Y, sí, la posibilidad de modificar mi cuerpo, hace que mi vida sea más feliz, que pueda mantener mi identidad de género con mayor facilidad, especialmente porque cuando me miro al espejo no tengo que pelearme conmigo mismo para comprender por qué yo soy y no soy la persona que se refleja, y porque cuando me desvisto no tengo que repetirme que el tener o no tener pechos no me hace más o menos hombre. Sin embargo, estos cinco años no han sido una pausa hasta «terminar el proceso». Después de la primera sesión con la psicóloga en la UTIG decidí que no iba a permitir que la medicina regulase mis tiempos, y he sido capaz de mantener esa decisión.

Por eso me molesta que se me quiera convertir en la encarnación del éxito del proceso médico. Porque el proceso médico no sólo no me ha regalado nada, sino que me ha quitado mucho (sobre todo, mucha dignidad y autonomía), y porque me jode que ahora el mérito de mi esfuerzo se le atribuya al proceso médico.

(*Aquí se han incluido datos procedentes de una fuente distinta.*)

(* Let $X$ be a real topological vector space such that either (1) $X$ is separable and completely metrizable, or (2) $X=Y^*$ where $Y$ is a separable normed space and $X$ carries the weak* topology. If $C\subseteq X$ is nonempty and CS-closed, then $\operatorname{fri} C\neq\emptyset$.
   Context: A subset $C$ of a topological vector space is CS-closed (convergent-series closed) if whenever $x_i\in C$, $\lambda_i\ge0$ ($i\in\mathbb N$), $\sum_i\lambda_i=1$ and the series $\sum_i\lambda_i x_i$ converges in $X$, its sum belongs to $C$. For a convex set $C$, a convex subset $F\subseteq C$ is a face of $C$ if for every $x\in F$ and all $y,z\in C$ with $x\in(y,z)=\{(1-t)y+tz:t\in(0,1)\}$ we have $y,z\in F$; $F_{\min}(x,C)$ is the intersection of all faces of $C$ containing $x\in C$. The face relative interior is $\operatorname{fri} C=\{x\in C: C\subseteq\overline{F_{\min}(x,C)}\}$. *)

From HB Require Import structures.
From mathcomp Require Import all_boot all_order all_algebra.
From mathcomp Require Import all_classical all_reals all_analysis.
Set Implicit Arguments. Unset Strict Implicit. Unset Printing Implicit Defensive.
Import Order.TTheory GRing.Theory Num.Theory.
Import numFieldNormedType.Exports.
Local Open Scope classical_set_scope.
Local Open Scope ring_scope.

Section Defs.
Variables (R : realType) (X : topologicalLmodType R).

Definition open_segment (y z : X) : set X :=
  [set (1 - t) *: y + t *: z | t in [set t : R | 0 < t < 1]].

Definition convex_set_of (C : set X) : Prop :=
  forall x y, C x -> C y -> forall t : R, 0 <= t <= 1 ->
    C ((1 - t) *: x + t *: y).

Definition CS_closed (C : set X) : Prop :=
  forall (x : nat -> X) (l : nat -> R),
    (forall i, C (x i)) -> (forall i, 0 <= l i) ->
    series l @ \oo --> (1 : R) ->
    forall s : X, series (fun i => l i *: x i) @ \oo --> s -> C s.
(* Nu^(2^T - 1) is the product of the Nu^(2^r), r < T, each of which lowers the
   first index, the second one, or both by 2^r: [wedge_shifts T] lists the total
   shifts (u, v), namely the pairs u, v < 2^T whose binary digits cover 0..T-1. *)
Fixpoint wedge_shifts (T : nat) : seq (nat * nat) :=
  if T is T'.+1 then
    let s := wedge_shifts T' in
    shift_pairs (2 ^ T') 0 s ++ shift_pairs 0 (2 ^ T') s ++ shift_pairs (2 ^ T') (2 ^ T') s
  else [:: (0, 0)].

Lemma wedge_shifts_bounds T uv : uv \in wedge_shifts T ->
  [&& uv.1 < 2 ^ T, uv.2 < 2 ^ T & (2 ^ T).-1 <= uv.1 + uv.2].
Proof.
elim: T uv => [|T IH] [u v] /=; first by rewrite inE => /eqP[-> ->].
rewrite !mem_cat => /or3P[] /mapP[[u' v'] /IH /and3P[/= lu lv luv] [-> ->]] /=;
  rewrite expnS; lia.
Qed.

Lemma count_shift_pairs a b x y s :
  count (pred1 (x, y)) (shift_pairs a b s) =
  if (a <= x) && (b <= y) then count (pred1 (x - a, y - b)) s else 0.
Proof.
rewrite count_map; case: ifP => [/andP[ax b_y]|nxy].
  apply: eq_count => -[u v] /=; rewrite !xpair_eqE.
  by apply/andP/andP => -[/eqP ? /eqP ?]; split; apply/eqP; lia.
rewrite (eq_count (a2 := pred0)) ?count_pred0 // => -[u v] /=.
by apply/negbTE/negP => /eqP[ex ey]; move: nxy; rewrite -ex -ey !leq_addl.
Qed.

Lemma count_wedge_shiftsS T x y :
  count (pred1 (x, y)) (wedge_shifts T.+1) =
    (if 2 ^ T <= x then count (pred1 (x - 2 ^ T, y)) (wedge_shifts T) else 0)
  + (if 2 ^ T <= y then count (pred1 (x, y - 2 ^ T)) (wedge_shifts T) else 0)
  + (if (2 ^ T <= x) && (2 ^ T <= y) then
       count (pred1 (x - 2 ^ T, y - 2 ^ T)) (wedge_shifts T) else 0).
Proof. by rewrite /= !count_cat !count_shift_pairs !leq0n andbT !subn0 addnA. Qed.

Lemma count_wedge_shifts_eq0 T x y :
  [|| x + y < (2 ^ T).-1, 2 ^ T <= x | 2 ^ T <= y] ->
  count (pred1 (x, y)) (wedge_shifts T) = 0.
Proof.
move=> xy; apply/count_memPn/negP => /wedge_shifts_bounds /and3P[/= lx ly lxy].
by case/or3P: xy; lia.
Qed.

Lemma count_wedge_shifts_full T y : y < 2 ^ T ->
  count (pred1 ((2 ^ T).-1, y)) (wedge_shifts T) = 1.
Proof.
elim: T y => [|T IH] y yT; first by case: y yT.
have -> : (2 ^ T.+1).-1 = 2 ^ T + (2 ^ T).-1.
  by have := expn_gt0 2 T; rewrite expnS; lia.
rewrite count_wedge_shiftsS leq_addr addKn andTb.
rewrite (count_wedge_shifts_eq0 _ (2 ^ T + _)) ?leq_addr ?orbT //.
have [hy|hy] := leqP (2 ^ T) y.
  rewrite (count_wedge_shifts_eq0 _ _ y) ?hy ?orbT // IH //.
  by move: yT; rewrite expnS; lia.
by rewrite !addn0 IH.
Qed.

End Counting.

Lemma cross_terms_cancel (V : zmodType) (a b c d e f : V) :
  (forall v : V, v + v = 0) -> (a + b + c) + (b + d + e) + (c + e + f) = a + d + f.
Proof.
move=> vv; rewrite !addrA [LHS](ACl (1*5*9*(2*4)*(3*7)*(6*8)))%AC /=.
by rewrite !vv !addr0.
Qed.

Ltac decide_nat_eqs := repeat match goal with
  | |- context [(?a == ?b)%N] =>
    first [ rewrite (_ : (a == b)%N = true); last (by apply/eqP; lia)
          | rewrite (_ : (a == b)%N = false); last (by apply/eqP; lia) ] end.
(* Let $M\subset X$ be nonempty, $F:X\rightrightarrows Y$ with nonempty values, and $\bar x\in M\cap M'$ such that $F(\bar x)$ is $K$-sequentially compact and $\bar x$ is an ideal minimum for $F$ on $M$. Suppose there are $e\in K\setminus\{0\}$ and $\ell>0$ such that for all $u\in X\setminus M$ and $v\in M$, $$F(u)+\ell\|u-v\|e\subset F(v)+K.$$ Then $\bar x$ is an ideal minimum on $X$ for the set-valued map $G:X\rightrightarrows Y$, $G(x)=F(x)+\ell d_M(x)e$.
   Context: $X,Y$ are real normed spaces, $K\subset Y$ a pointed closed convex cone, $M'$ the set of accumulation points of $M$, $d_M(x)=\inf_{m\in M}\|x-m\|$. A nonempty $A\subset Y$ is $K$-sequentially compact if for every $(a_n)\subset A$ there is $(c_n)\subset K$ such that $(a_n-c_n)$ has a subsequence converging to an element of $A$. For nonempty $S\subset X$, $\bar x\in S$ is an ideal minimum for $F$ on $S$ if $F(\bar x)\not\subset F(x)+(Y\setminus -K)$ for all $x\in S\setminus\{\bar x\}$; ''on $X$'' means $S=X$. *)

From HB Require Import structures.
From mathcomp Require Import all_boot all_order all_algebra.
From mathcomp Require Import all_classical all_reals all_analysis.
Set Implicit Arguments. Unset Strict Implicit. Unset Printing Implicit Defensive.
Import Order.TTheory GRing.Theory Num.Theory.
Import numFieldNormedType.Exports.
Local Open Scope classical_set_scope.
Local Open Scope ring_scope.

Section Defs.
Context {R : realType} {Y : normedModType R}.

Definition minkowski_sum (A B : set Y) : set Y := [set a + b | a in A & b in B].

Definition setopp (K : set Y) : set Y := [set y | K (- y)].

Definition pointed_closed_convex_cone (K : set Y) : Prop :=
  [/\ K 0,
      (forall k1 k2, K k1 -> K k2 -> K (k1 + k2)),
      (forall (t : R) k, 0 <= t -> K k -> K (t *: k)),
      (forall k, K k -> K (- k) -> k = 0)
    & closed K].

Definition K_seq_compact (K A : set Y) : Prop :=
  A !=set0 /\
  forall a : nat -> Y, (forall n, A (a n)) ->
    exists c : nat -> Y, (forall n, K (c n)) /\
      exists (phi : nat -> nat) (y : Y),
        {homo phi : n m / (n < m)%N} /\ A y /\
        ((fun n => a (phi n) - c (phi n)) @ \oo --> y).

End Defs.

Section Defs2.
Context {R : realType} {X Y : normedModType R}.

Definition ideal_min (K : set Y) (F : X -> set Y) (S : set X) (xb : X) : Prop :=
  S xb /\ forall x, S x -> x != xb -> ~ (F xb `<=` minkowski_sum (F x) (~` setopp K)).

Definition dist_set (M : set X) (x : X) : R := inf [set `|x - m| | m in M].

End Defs2.

From HB Require Import structures.
From mathcomp Require Import all_boot all_order all_algebra.
From mathcomp Require Import all_classical all_reals all_analysis.
Import Order.TTheory GRing.Theory Num.Theory.
Import numFieldNormedType.Exports.
Local Open Scope classical_set_scope.
Local Open Scope ring_scope.

(* Outside [M] the penalty [l d_M(x) e] is approached by [l |x - v| e] with
   [v] in [M \ {xb}] near-optimal for [d_M(x)]; the Lipschitz-type hypothesis
   transports [F x] into [F v + K], and the ideal minimality of [xb] on [M]
   yields points [y_v] of [F xb] lying below all of [F v].  If [F xb] were
   contained in [G x + (Y \ -K)], some [y = f + l d_M(x) e + w] with [-w] not
   in [K] would be a limit of points [y_v - c_v], [c_v] in [K]; the vectors
   [f + l |x - v| e - (y_v - c_v)] lie in [K] and converge to [-w], which
   contradicts the closedness of [K]. *)

Lemma homo_ltn_cvgny (phi : nat -> nat) :
  {homo phi : n m / (n < m)%N} -> phi @ \oo --> \oo.
Proof.
move=> phi_incr; have phi_ge n : (n <= phi n)%N.
  by elim: n => // n IHn; exact: leq_ltn_trans IHn (phi_incr _ _ (ltnSn n)).
apply/cvgnyPge => A; near=> n; apply: leq_trans (phi_ge n).
by near: n; exact: nbhs_infty_ge.
Unshelve. all: end_near. Qed.

Section dist_set.
Context {R : realType} {X : normedModType R}.
Implicit Types (M : set X) (x : X).

Lemma dist_set_lbound M x : has_lbound [set `|x - m| | m in M].
Proof. by exists 0 => _ [m _ <-]. Qed.

Lemma dist_set_le M x m : M m -> dist_set M x <= `|x - m|.
Proof. by move=> Mm; apply: (ge_inf (dist_set_lbound M x)); exists m. Qed.

Lemma dist_set_eq0 M x : M x -> dist_set M x = 0.
Proof.
move=> Mx; apply/eqP; rewrite eq_le; apply/andP; split.
  by have := dist_set_le M x x Mx; rewrite subrr normr0.
by apply: lb_le_inf; [exists `|x - x|, x | move=> _ [m _ <-]].
Qed.

Lemma dist_set_punctured_lt M x xb (eps : R) : M !=set0 -> limit_point M xb ->
  0 < eps -> exists v, [/\ M v, v != xb & `|x - v| < dist_set M x + eps].
Proof.
move=> [m0 Mm0] lim_xb eps_gt0; have eps2_gt0 : 0 < eps / 2 by rewrite divr_gt0.
have Dne : [set `|x - m| | m in M] !=set0 by exists `|x - m0|, m0.
have [_ [m Mm <-] m_lt] := inf_adherent eps2_gt0 (conj Dne (dist_set_lbound M x)).
have [m_xb|m_neq] := eqVneq m xb; last first.
  exists m; split => //; apply: (lt_le_trans m_lt); rewrite lerD2l.
  by rewrite ler_pdivrMr // ler_peMr ?ltW // ltr1n.
(* [xb] itself is optimal: replace it by a nearby point of [M \ {xb}]. *)
rewrite {}m_xb in m_lt.
have [v [v_neq Mv xb_v]] := lim_xb _ (nbhsx_ballx xb _ eps2_gt0).
exists v; split => //; rewrite -ball_normE /= in xb_v.
apply: le_lt_trans (ler_distD xb x v) _.
by rewrite [eps]splitr addrA ltrD.
Qed.

Lemma dist_set_punctured_approx M x xb : M !=set0 -> limit_point M xb ->
  exists v : nat -> X, (forall n, M (v n) /\ v n != xb) /\
    (fun n => `|x - v n|) @ \oo --> dist_set M x.
Proof.
move=> M0 lim_xb.
have /choice[v vP] n := dist_set_punctured_lt M x xb _ M0 lim_xb (harmonic_gt0 n).
exists v; split=> [n|]; first by have [] := vP n.
apply: (@squeeze_cvgr _ _ _ _ (cst (dist_set M x))
  (fun n => dist_set M x + harmonic n)); last first.
- by rewrite -[X in _ --> X]addr0; apply: cvgD; [exact: cvg_cst|exact: cvg_harmonic].
- exact: cvg_cst.
apply: nearW => n; have [Mv _ v_lt] := vP n.
by rewrite dist_set_le //= ltW.
Qed.

Lemma dist_set_shift_on {Y : normedModType R} M (F : X -> set Y) (e : Y) (l : R) x :
  M x -> [set y + (l * dist_set M x) *: e | y in F x] = F x.
Proof.
move=> Mx; rewrite dist_set_eq0 // mulr0 scale0r.
by apply/seteqP; split=> [_ [y Fy <-]|y Fy]; [rewrite addr0 | exists y; rewrite ?addr0].
Qed.

End dist_set.

Lemma ideal_min_witness {R : realType} {X Y : normedModType R}
    {K : set Y} {F : X -> set Y} {M : set X} {xb v : X} :
  ideal_min K F M xb -> M v -> v != xb ->
  exists2 y, F xb y & forall f, F v f -> K (f - y).
Proof.
move=> [_ xb_min] Mv v_neq; apply: contrapT => no_y; apply: (xb_min v Mv v_neq).
move=> y Fy; apply: contrapT => y_out; apply: no_y; exists y => // f Fvf.
apply: contrapT => nK; apply: y_out; exists f => //; exists (y - f).
  by rewrite /setopp /= opprB.
by rewrite addrC subrK.
Qed.

Lemma minkowski_sum_sub_cone {R : realType} {Y : normedModType R}
    {K A : set Y} {z y : Y} :
  (forall k1 k2, K k1 -> K k2 -> K (k1 + k2)) ->
  minkowski_sum A K z -> (forall f, A f -> K (f - y)) -> K (z - y).
Proof.
move=> KD [f Af [k Kk <-]] K_fy.
by rewrite addrAC; apply: KD; [exact: K_fy|].
Qed.

Theorem mainTheorem16 (R : realType) (X Y : normedModType R)
  (K : set Y) (M : set X) (F : X -> set Y) (xb : X) (e : Y) (l : R) :
  pointed_closed_convex_cone K ->
  M !=set0 ->
  (forall x, F x !=set0) ->
  M xb -> limit_point M xb ->
  K_seq_compact K (F xb) ->
  ideal_min K F M xb ->
  K e -> e != 0 -> 0 < l ->
  (forall u v, ~ M u -> M v ->
     [set y + (l * `|u - v|) *: e | y in F u] `<=` minkowski_sum (F v) K) ->
  ideal_min K (fun x => [set y + (l * dist_set M x) *: e | y in F x]) setT xb.
Proof.
move=> [_ KD _ _ K_closed] M0 _ Mxb lim_xb [_ Fxb_cpt] xb_min _ _ _ transport.
split=> // x _ x_neq; have [Mx|nMx] := pselect (M x).
  by rewrite !dist_set_shift_on //; case: xb_min => _; exact.
rewrite dist_set_shift_on // => Fxb_sub.
have [v [vP v_cvg]] := dist_set_punctured_approx M x xb M0 lim_xb.
have /choice[y_ y_P] n : exists y, F xb y /\ forall f, F (v n) f -> K (f - y).
  by have [Mv v_neq] := vP n; have [y] := ideal_min_witness xb_min Mv v_neq; exists y.
have [c [Kc [phi [y [phi_incr [Fy y_cvg]]]]]] := Fxb_cpt y_ (fun n => (y_P n).1).
have [_ [f Ff <-] [w nKw yE]] := Fxb_sub y Fy.
apply: nKw; rewrite /setopp /=.
pose z n := f + (l * `|x - v (phi n)|) *: e - (y_ (phi n) - c (phi n)).
apply: (@closed_cvg _ _ \oo _ z K K_closed).
  apply: nearW => n; rewrite /z opprB addrCA addrC; apply: (KD _ _ _ (Kc _)).
  apply: (minkowski_sum_sub_cone KD _ (y_P _).2).
  by apply: (transport _ _ nMx (vP _).1); exists f.
have -> : - w = f + (l * dist_set M x) *: e - y.
  by rewrite -yE opprD addrA subrr add0r.
apply: cvgB y_cvg; apply: cvgD; first exact: cvg_cst.
apply: cvgZ (cvg_cst _); apply: cvgM (cvg_cst _) _.
apply: (cvg_comp phi (fun n => `|x - v n|) (homo_ltn_cvgny _ phi_incr) v_cvg).
Qed.
(* Let $K$ be an algebraically closed field, $K\subset K'$ a field extension and $x=(x_1,\ldots,x_n)$. Let $J_1,\ldots,J_p$ be subsets of $\{1,\ldots,n\}$, $x_{J_i}=(x_k)_{k\in J_i}$, and $A_i=K[x_{J_i}]_{(x_{J_i})}$, $A'_i=K'[x_{J_i}]_{(x_{J_i})}$ for $i\in\{1,\ldots,p\}$. Set $\mathcal{N}=A_1\times\cdots\times A_p$ and $\mathcal{N}'=A'_1\times\cdots\times A'_p$. Let $f$ be a finite system of polynomials in $K[x]_{(x)}[Y]$, $Y=(Y_1,\ldots,Y_p)$, and let $\hat y\in\mathcal{N}'$ satisfy $f(\hat y)=0$. Then there exists $y\in\mathcal{N}$ such that $f(y)=0$ and $\operatorname{ord} y_i=\operatorname{ord}\hat y_i$ for all $i\in\{1,\ldots,p\}$.
   Context: $K[x_{J}]_{(x_J)}$ denotes the localization of the polynomial ring $K[x_J]$ at the maximal ideal generated by the variables $x_J$. For an element $g$ of such a local ring, $\operatorname{ord} g$ is its $(x)$-adic order, i.e. the largest $k$ with $g\in(x)^k$ (the least degree of a monomial with nonzero coefficient in its power series expansion), with $\operatorname{ord}0=\infty$. *)

From HB Require Import structures.
From mathcomp Require Import all_boot all_order all_algebra.
From mathcomp Require Import fraction.
From mathcomp Require Import mpoly.
Set Implicit Arguments. Unset Strict Implicit. Unset Printing Implicit Defensive.
Import GRing.Theory.
Local Open Scope ring_scope.

(* Variables x_1..x_n are indexed by 'I_n = {0,..,n-1}.
   All local rings K'[x_J]_(x_J) are realised inside the field of fractions
   FF K' n = K'(x_1,..,x_n) of the polynomial ring K'[x_1,..,x_n]. *)
Notation FF K' n := {fraction {mpoly K'[n]}}.
Notation "x %:F" := (@FracField.tofrac _ x) : ring_scope.

Section Loc.
Context (n : nat).

Definition vars_in (R : nzRingType) (J : {set 'I_n}) (a : {mpoly R[n]}) : Prop :=
  forall m, m \in msupp a -> forall k, k \notin J -> m k = 0%N.

(* c belongs to K'[x_J]_(x_J): c = a/b with a, b in K'[x_J], b(0) <> 0 *)
Definition in_loc (K' : fieldType) (J : {set 'I_n}) (c : FF K' n) : Prop :=
  exists a b : {mpoly K'[n]},
    [/\ vars_in J a, vars_in J b, b@_0%MM != 0 & c = a%:F / b%:F].

(* c belongs to the image of K[x_J]_(x_J) in K'[x_J]_(x_J) under the
   embedding induced by iota : K -> K' *)
Definition in_loc_img (K K' : fieldType) (iota : {rmorphism K -> K'})
    (J : {set 'I_n}) (c : FF K' n) : Prop :=
  exists a b : {mpoly K[n]},
    [/\ vars_in J a, vars_in J b, b@_0%MM != 0 &
        c = (map_mpoly iota a)%:F / (map_mpoly iota b)%:F].

(* c lies in (x)^k, the k-th power of the maximal ideal of K'[x]_(x) *)
Definition in_mpow (K' : fieldType) (c : FF K' n) (k : nat) : Prop :=
  exists a b : {mpoly K'[n]},
    [/\ b@_0%MM != 0, c = a%:F / b%:F &
        forall m, m \in msupp a -> (k <= mdeg m)%N].

(* ord c = ord d, where ord g = largest k with g in (x)^k (or infinity) *)
Definition same_ord (K' : fieldType) (c d : FF K' n) : Prop :=
  forall k, in_mpow c k <-> in_mpow d k.

End Loc.

(* Write each [yhat i] as [a i / b i] with [a i, b i] in [K'[x_J]] and [b i (0) <> 0].
   The finitely many coefficients of the [a i] and [b i] are the values of an evaluation
   [E : K[t_0, ..., t_(r-1)] -> K'].  Because [K] is algebraically closed, [E] has
   [K]-rational specializations: for any [s] with [E s <> 0] there is a [K]-algebra
   morphism [F] into [K] with [ker E <= ker F] and [F s <> 0]; this is proved one
   variable at a time, according as the new generator is transcendental or algebraic
   over the previous ones.  Specializing the lifted [a i] and [b i] along [F] preserves
   every polynomial relation with coefficients in [K(x)], so [f(y) = 0]; taking for [s]
   the product of the [b i (0)] and of one minimal-degree coefficient of each [a i]
   keeps the denominators units and every order unchanged. *)

From HB Require Import structures.
From mathcomp Require Import all_boot all_order all_algebra.
From mathcomp Require Import fraction.
From mathcomp Require Import mpoly.
From Stdlib Require Import Classical Wf_nat.
Set Implicit Arguments. Unset Strict Implicit. Unset Printing Implicit Defensive.
Import GRing.Theory.
Local Open Scope ring_scope.

Lemma size_map_poly_le (R S : nzRingType) (f : {additive R -> S}) (p : {poly R}) :
  (size (map_poly f p) <= size p)%N.
Proof. by apply/leq_sizeP => j hj; rewrite coef_map (nth_default _ hj) raddf0. Qed.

Me jode muchísimo que me preguntes cuanto tiempo llevo hormonándome, cuando me salió el primer pelo en la barba, y cuantos gallos tiré el tercer mes. Me jode todavía más que primero  me digas que «hay muy poca información» y luego me pidas fotos de mi torso mutilado cuando escribiendo «mastectomía FtM» o «mastectomía transexualidad», Google coloca este blog en segunda y en cuarta posición respectivamente. Me molesta muchísimo si lloras «ay, ojalá yo pudiera» y en tu país estas operaciones están cubiertas por los servicios públicos sanitarios, como si las pérdidas que tú puedes sufrir fuesen de mayor importancia que las que tuve yo. No soporto que creas que la receta del éxito es la misma que la de la testosterona, y que el volante para la felicidad te lo hace el médico cuando decide que estás preparado para pasar por cirugía. Lo que menos soporto de todo es cuando, al ver que nada de esto funciona, te sientes engañado y maldices a la sociedad que te discrimina y te niega la felicidad.

No hay recetas para la felicidad. La felicidad no es una cosa fácil de conseguir (y si no, podéis preguntárselo a mi amiga Mello, que precisamente hace poco escribía sobre lo mismo). Me jugué todo lo que tenía y lo perdí, con la excepción de a mis amigos, que siempre estuvieron a mi lado. He vivido el momento pavoroso y terrible en que te das cuenta de que ya no puedes estar peor, y he conseguido encontrar fuerzas para levantarme casi todas las mañanas, con hormonas o sin ellas. He probado suerte repetidamente en el amor y cuando no ha salido bien no le he echado la culpa al destino. Me he obligado a trabajar, a estudiar, a escribir y a ayudar hasta superar mi límite por mucho… varias veces. Me he obligado a viajar para ver a mis amigos, cuando me sentía tan desgastado que lo único que quería era dormir. Así es como he conseguido ser feliz. Pregúntame por eso, y no pretendas convertirme en el paradigma del triunfo del paradigma médico, porque te voy a decepcionar. Por favor, sobre todo no me preguntes cuanto me mide el clítoris, porque la respuesta no te va a gustar.